Member of the Arizona Senate from the 2nd district
- In office January 2001 – January 2003

Member of the Arizona House of Representatives from the 2nd district
- In office January 1993 – January 2001
- Succeeded by: Jack Jackson, Jr.

Personal details
- Born: July 31, 1940 (age 85) Grand Canyon Village, Arizona, U.S.
- Party: since December 2005, Democrat

= John Verkamp =

American politician (born 1940)

John Verkamp (born July 31, 1940) is an American attorney and politician in Arizona. He served as a county attorney for 12 years, and was elected to four terms as a Republican state representative. He served one term as a state senator, but decided not to run for re-election in 2002 after redistricting moved his base of Flagstaff to a primarily Democratic district.

Continuing to disagree with the Republicans over the issues of the Iraq War, which he opposed, in 2005 Verkamp joined the Democrats. He filed to run in 2006 as a Democrat for the United States Senate from Arizona, but was late and failed to qualify for the primary.

==Early life and education==
John Verkamp was born about 1940 in Grand Canyon Village, Arizona. His family has operated a store at the South Rim of Grand Canyon National Park for three generations, since 1906. He went to elementary and high school there.

He earned his bachelor's degree from the University of Arizona in 1962. He went on to law school, gaining his JD degree in 1965 from the University of Arizona.

Verkamp entered the U.S. Army, serving from 1965 to 1970, in the U.S. and Germany. He achieved the rank of captain.

==Career==
He built a private practice in Flagstaff, Arizona, where he lived until 2004.

==Political career==
In 1980, Verkamp was elected as Coconino County Attorney. He was re-elected twice and served a total of three terms, to 1992.

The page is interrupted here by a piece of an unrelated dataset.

(* Let the setting be as described in the context. For each $N\in\mathcal N$ with $\mathcal E_N\cap\mathcal E_I\neq\emptyset$ let $\theta_N\in M_h$ be the unique element vanishing on $\mathcal E_I\setminus\mathcal E_N$ such that for every $K\in\mathcal T_N$: $b(\theta_N,\lambda_N\chi_K)=r(\lambda_N\chi_K)$ and $b(\theta_N,\lambda_M\chi_K)=0$ for every vertex $M\neq N$ of $K$ (and set $\theta_N=0$ if $\mathcal E_N\cap\mathcal E_I=\emptyset$). Let $(u_h,\theta_h)\in DG_h\times M_h$ be the solution of the mixed problem $\tilde a_h(u_h,w)+b(\theta_h,w)=l_h(w)$ for all $w\in DG_h$, $b(\mu,u_h)=0$ for all $\mu\in M_h$. Then $$\theta_h=\sum_{N\in\mathcal N}\theta_N .$$
   Context: Let $\Omega\subset\mathbb R^2$ be a bounded domain with Lipschitz, piecewise smooth boundary, $f\in L^2(\Omega)$, $g\in H^{1/2}(\partial\Omega)$. Let $\Omega_0\supset\Omega$ be a polygonal background domain with a shape-regular triangulation $\mathcal T_{0,h}$. Let $\Omega_h$ be a polygonal domain with $\Omega\subset\Omega_h\subset\Omega_0$ such that for each triangle $K$ with $K\cap\partial\Omega_h\neq\emptyset$, $\Gamma_K:=K\cap\partial\Omega_h$ is a line segment; $f$ is extended to $\Omega_h\setminus\Omega$ and $g_h$ is a given function on $\partial\Omega_h$. Active mesh $\mathcal T_h=\{K\in\mathcal T_{0,h}:K\cap\Omega_h\neq\emptyset\}$, $\triangle_h=\bigcup_{K\in\mathcal T_h}K$, $\mathcal T_h^b=\{K:K\cap\partial\Omega_h\neq\emptyset\}$, $h_K=\operatorname{diam}K$. $\mathcal E_I$: interior edges of $\mathcal T_h$, each with length $h_F$ and fixed unit normal $\boldsymbol n_F$; jump $[\![v]\!]=v^+-v^-$ and average $\{v\}=\frac12(v^++v^-)$, where $v^\pm(\boldsymbol x)=\lim_{s\to0^+}v(\boldsymbol x\mp s\boldsymbol n_F)$ and $K_F^\pm$ are the neighbours ($\boldsymbol n_F$ outward to $K_F^+$). $\mathcal E_g=\{F\in\mathcal E_I:(K_F^+\cup K_F^-)\cap\partial\Omega_h\neq\emptyset\}$. $\boldsymbol n_h$ outward unit normal of $\partial\Omega_h$, $\partial_{\boldsymbol n_h}=\boldsymbol n_h\cdot\nabla$, $\partial_{\boldsymbol n_F}=\boldsymbol n_F\cdot\nabla$. $\beta,\gamma>0$ constants, $\beta$ large enough that $a_h$ is coercive on $CG_h$. $a_h(w,v)=(\nabla w,\nabla v)_{\Omega_h}-\langle\partial_{\boldsymbol n_h}w,v\rangle_{\partial\Omega_h}-\langle w,\partial_{\boldsymbol n_h}v\rangle_{\partial\Omega_h}+\sum_{K\in\mathcal T_h^b}\frac{\beta}{h_K}\langle w,v\rangle_{\Gamma_K}+\gamma\sum_{F\in\mathcal E_g}h_F\langle[\![\partial_{\boldsymbol n_F}w]\!],[\![\partial_{\boldsymbol n_F}v]\!]\rangle_F$; $l_h(v)=(f,v)_{\Omega_h}-\langle g_h,\partial_{\boldsymbol n_h}v\rangle_{\partial\Omega_h}+\sum_{K\in\mathcal T_h^b}\frac{\beta}{h_K}\langle g_h,v\rangle_{\Gamma_K}$; $\tilde a_h(v,w)=a_h(v,w)-\sum_{F\in\mathcal E_I}\langle\{\partial_{\boldsymbol n_F}v\},[\![w]\!]\rangle_{F\cap\Omega_h}-\sum_{F\in\mathcal E_I}\langle\{\partial_{\boldsymbol n_F}w\},[\![v]\!]\rangle_{F\cap\Omega_h}$. $CG_h=\{v\in H^1(\triangle_h):v|_K\in\mathbb P_1(K)\}$, $DG_h=\{v\in L^2(\triangle_h):v|_K\in\mathbb P_1(K)\}$; $u_h$ (first component of the mixed solution) equals the CutFEM solution in $CG_h$. Residual: $r(w)=l_h(w)-\tilde a_h(u_h,w)$, $w\in DG_h$. $\mathcal N$: vertices of $\mathcal T_h$, $\mathcal N_I$: those not on $\partial\triangle_h$; $\mathcal T_N,\mathcal E_N$: elements/edges with vertex $N$; $\mathfrak s_N(F)=\pm1$ according as $\boldsymbol n_F$ is oriented counter-clockwise around $N$ or not. $\lambda_M$: hat function of vertex $M$; $\chi_K$: indicator of $K$. $M_h=\{\mu\in L^2(\mathcal E_I):\mu|_F\in\mathbb P_1(F),\ \sum_{F\in\mathcal E_N\cap\mathcal E_I}\mathfrak s_N(F)h_F\mu|_F(N)=0\ \forall N\in\mathcal N_I\}$, $b(\mu,v)=\sum_{F\in\mathcal E_I}\frac{h_F}{2}\sum_{M\text{ vertex of }F}\mu|_F(M)[\![v]\!](M)$. *)

From mathcomp Require Import all_boot all_order all_algebra.
From mathcomp Require Import all_classical all_reals all_analysis.
Import Order.TTheory GRing.Theory Num.Theory.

While County Attorney, Verkamp was elected president of the Arizona County Attorneys’ and Sheriffs’ Association in 1985–86. He was active in other related associations.

===State office===
In 1992, Verkamp ran for state office and was elected to the Arizona House of Representatives from the 2nd district. He was re-elected three times, serving a total of four terms, until 2000.

That year, he was elected to the Arizona State Senate. During his service he became Chairman of the Commerce Committee. Through this entire period, he worked on issues related to education, health care and the environment.

In 2002, the Republican-dominated state legislature redistricted, moving Flagstaff from its former district, which had included Sedona and Kingman, to a new district containing the Navajo Nation. In recent years, its members have historically supported Democratic Party candidates for the state legislature. Verkamp decided against running for re-election in the new district. His former State Senate seat has been won by Democrats since the redistricting.

In 2004, Verkamp moved from Flagstaff to Phoenix to be near his children and grandchildren. An opponent of the Iraq War, which started in 2003, and a supporter of single-payer health care, Verkamp in December 2005 left the Republican Party over those issues. He filed to run in 2006 as a Democrat for U.S. Senate, saying his opponents were not addressing the Iraq War. As Verkamp was a late entry in the race, he did not gather enough petition signatures to qualify for the September 12 primary election ballot. His opponent in the primary would have been the Democrat Jim Pederson. The Republican incumbent, Jon Kyl, defeated his challenger and won re-election for a third term in November 2006.